Class LineWordReader

java.lang.Object
it.unimi.dsi.io.LineWordReader
All Implemented Interfaces:
WordReader, Serializable

public class LineWordReader extends Object implements WordReader, Serializable
A trivial WordReader that considers each line of a document a single word.

The intended usage of this class is that of indexing stuff like lists of document identifiers: if the identifiers contain nonalphabetical characters, the default FastBufferedReader might do a poor job.

Note that the non-word returned by next(MutableString, MutableString) is always empty.

See Also:
  • Constructor Details

    • LineWordReader

      public LineWordReader()
  • Method Details

    • next

      public boolean next(MutableString word, MutableString nonWord) throws IOException
      Description copied from interface: WordReader
      Extracts the next word and non-word.

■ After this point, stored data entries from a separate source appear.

Lemma nth_rot0 T x0 (s : seq T) i : i < size s -> nth x0 (rot i s) 0 = nth x0 s i.
Proof. by move=> lt_i; rewrite /rot nth_cat size_drop subn_gt0 lt_i nth_drop addn0. Qed.

Lemma nth_rev_rot0 T x0 (s : seq T) t : 0 < t <= size s ->
  nth x0 (rev (rot t s)) 0 = nth x0 s t.-1.
Proof.
case/andP=> t_gt0 le_ts; rewrite /rot rev_cat nth_cat size_rev size_takel // t_gt0.
by rewrite nth_rev size_takel // subn1 nth_take // ltn_predL.
Qed.

Lemma lex_le_nth0 s t : 0 < size t -> nth 0 s 0 < nth 0 t 0 -> lex_le s t.
Proof. by case: s => // x s; case: t => //= y t _ ->. Qed.

Section MaxRun.

Variables (M m : nat).
Local Notation K := (nseq m M).

Lemma lex_le_cat_nseq_rev c : all (fun y => y <= M) c ->
  lex_le (c ++ K) (K ++ rev c) =
  (take m c != K) || lex_le (drop m c) (rev (drop m c)).
Proof.
move=> c_le; have [le_cm | lt_mc] := leqP (size c) m.
  have K_split : K = nseq (size c) M ++ nseq (m - size c) M.
    by rewrite -nseqD subnKC.
  rewrite drop_oversize //= orbT [in X in lex_le _ X]K_split -catA.
  rewrite lex_le_cat ?size_nseq //; case: eqP => [c_eq | _]; last exact: lex_le_nseq.
  by rewrite [in rev _]c_eq rev_nseq -nseqD subnK // lex_le_refl.
have size_take : size (take m c) = m by rewrite size_takel // ltnW.
move: c_le; rewrite -[c in all _ c](cat_take_drop m) all_cat => /andP[take_le _].
rewrite -[c in c ++ K](cat_take_drop m) -[c in rev c](cat_take_drop m) rev_cat.
rewrite -catA lex_le_cat ?size_nseq //; case: eqP => [-> | _]; last first.
  by have := lex_le_nseq take_le; rewrite size_take.
rewrite rev_nseq /= lex_le_cat ?size_rev //.
by case: eqP => [d_pal | _]; rewrite ?lex_le_refl // -d_pal lex_le_refl.
Qed.

Lemma lex_le_rcons_rev_succ d a :
  lex_le (rcons d a) (a :: rev d) -> lex_le (rcons d a.+1) (a.+1 :: rev d).
Proof.
case: d => [|y d]; first by rewrite /= !ltnn !eqxx.
by rewrite rcons_cons => /lex_le_cons_leq le_ya; rewrite /= ltnS le_ya.
Qed.

Variable v : seq nat.
Hypothesis v_le_M : all (fun y => y <= M) v.
Local Notation w b := (v ++ b :: K).

Lemma rev_cat_cons_nseq b : rev (w b) = K ++ rev (rcons v b).
Proof. by rewrite rev_cat_cons rev_nseq rev_rcons. Qed.

Lemma lex_le_rev_catE b : b <= M -> m <= size v ->
  lex_le (w b) (rev (w b)) =
  (take m v != K) || lex_le (rcons (drop m v) b) (b :: rev (drop m v)).
Proof.
move=> le_bM le_mv; rewrite rev_cat_cons_nseq -cat_rcons lex_le_cat_nseq_rev.
  by rewrite -cats1 takel_cat // cats1 drop_rcons // rev_rcons.
by rewrite all_rcons le_bM.
Qed.

Variable a : nat.
Hypotheses (a_lt_M : a < M) (le_rev_w : lex_le (w a) (rev (w a))).

Lemma lex_le_rev_succ : lex_le (w a.+1) (rev (w a.+1)).
Proof.
have [le_mv | lt_vm] := leqP m (size v).
  move: le_rev_w; rewrite !lex_le_rev_catE // 1?ltnW //.
  by case/orP => [-> // | /lex_le_rcons_rev_succ ->]; rewrite orbT.
rewrite rev_cat_cons_nseq -cat_rcons lex_le_cat_nseq_rev ?all_rcons ?v_le_M ?andbT //.
by rewrite drop_oversize ?size_rcons // orbT.
Qed.

Lemma palindrome_succ_cases : w a.+1 = rev (w a.+1) ->
  (v = nseq (size v) M /\ size v < m /\ a.+1 = M) \/ v = K.
Proof.
rewrite rev_cat_cons_nseq -cat_rcons => pal.
have [lt_vm | le_mv] := ltnP (size v) m.
  left; have := congr1 (take (size v).+1) pal.
  rewrite take_size_cat ?size_rcons // takel_cat ?size_nseq // take_nseq //.
  by rewrite -[(size v).+1]addn1 nseqD cats1 => /rcons_inj [<- ->].
have take_v : take m v = K.
  have := congr1 (take m) pal.
  by rewrite takel_cat ?size_rcons 1?ltnW // -cats1 takel_cat // take_size_cat ?size_nseq.
have := congr1 (drop m) pal.
rewrite drop_cat size_rcons ltnS le_mv drop_size_cat ?size_nseq // drop_rcons //.
rewrite -[v in rev (rcons v _)](cat_take_drop m) take_v rev_rcons rev_cat rev_nseq.
move=> /eqP; rewrite -cat_cons eqseq_cat; last by rewrite size_rcons /= size_rev.
case/andP => /eqP pal_d _.
move: le_rev_w; rewrite lex_le_rev_catE ?(ltnW a_lt_M) // take_v eqxx /=.
case E : (drop m v) pal_d => [|y d] pal_d.
  by right; rewrite -(cat_take_drop m v) take_v E cats0.
by case: pal_d => -> _ /lex_le_cons_leq; rewrite ltnn.
Qed.
End MaxRun.

Lemma drop_eq_nseq (s : seq nat) M i :
  drop i s = nseq (size s - i) M <-> forall j, i <= j < size s -> nth 0 s j = M.
Proof.
split=> [drop_i j /andP[le_ij lt_j] | nth_M].
  by rewrite -(subnKC le_ij) -nth_drop drop_i nth_nseq ifT //; lia.
apply: (@eq_from_nth _ 0) => [|p]; rewrite size_drop ?size_nseq // => lt_p.
by rewrite nth_drop nth_nseq lt_p nth_M //; lia.
Qed.

(* The palindrome [take t s] ends with the first letter of [s], which is not [M]. *)
Lemma palindrome_prefix_eq (s : seq nat) (M t l : nat) :
  0 < t <= size s -> 0 < l <= size s -> nth 0 s 0 != M ->
  take t s = rev (take t s) -> drop t s = nseq (size s - t) M ->
  nth 0 s l.-1 != M -> drop l s = nseq (size s - l) M -> t = l.
Proof.
move=> t_bnd l_bnd s0_M pal_t drop_t sl_M drop_l.
have lt_lt : l.-1 < t.
  rewrite ltnNge; apply: contra sl_M => le_tl; apply/eqP.
  by move/drop_eq_nseq: drop_t => ->; lia.
have st_M : nth 0 s t.-1 != M.
  have lt_t : t.-1 < t by lia.
  have le_ts : t <= size s by lia.
  rewrite -(nth_take 0 lt_t) pal_t nth_rev size_takel //.
  by rewrite (_ : t - t.-1.+1 = 0) ?nth_take //; lia.
have lt_tl : t.-1 < l.
  rewrite ltnNge; apply: contra st_M => le_lt; apply/eqP.
  by move/drop_eq_nseq: drop_l => ->; lia.
lia.
Qed.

      If this method returns true, a new non-empty word, and possibly a new non-word, have been extracted. It is acceptable that the first call to this method after creation or after a call to WordReader.setReader(Reader) returns an empty word. In other words both word and nonWord are maximal.

      Specified by:
      next in interface WordReader
      Parameters:
      word - the next word returned by the underlying reader.
      nonWord - the nonword following the next word returned by the underlying reader.
      Returns:
      true if a new word was processed, false otherwise (in which case both word and nonWord are unchanged).
      Throws:
      IOException
    • setReader

      public LineWordReader setReader(Reader reader)
      Description copied from interface: WordReader
      Resets the internal state of this word reader, which will start again reading from the given reader.
      Specified by:
      setReader in interface WordReader
      Parameters:
      reader - the new reader providing characters.
      Returns:
      this word reader.
    • copy

      public LineWordReader copy()
      Description copied from interface: WordReader
      Returns a copy of this word reader.

      This method must return a word reader with a behaviour that matches exactly that of this word reader.

      Specified by:
      copy in interface WordReader
      Returns:
      a copy of this word reader.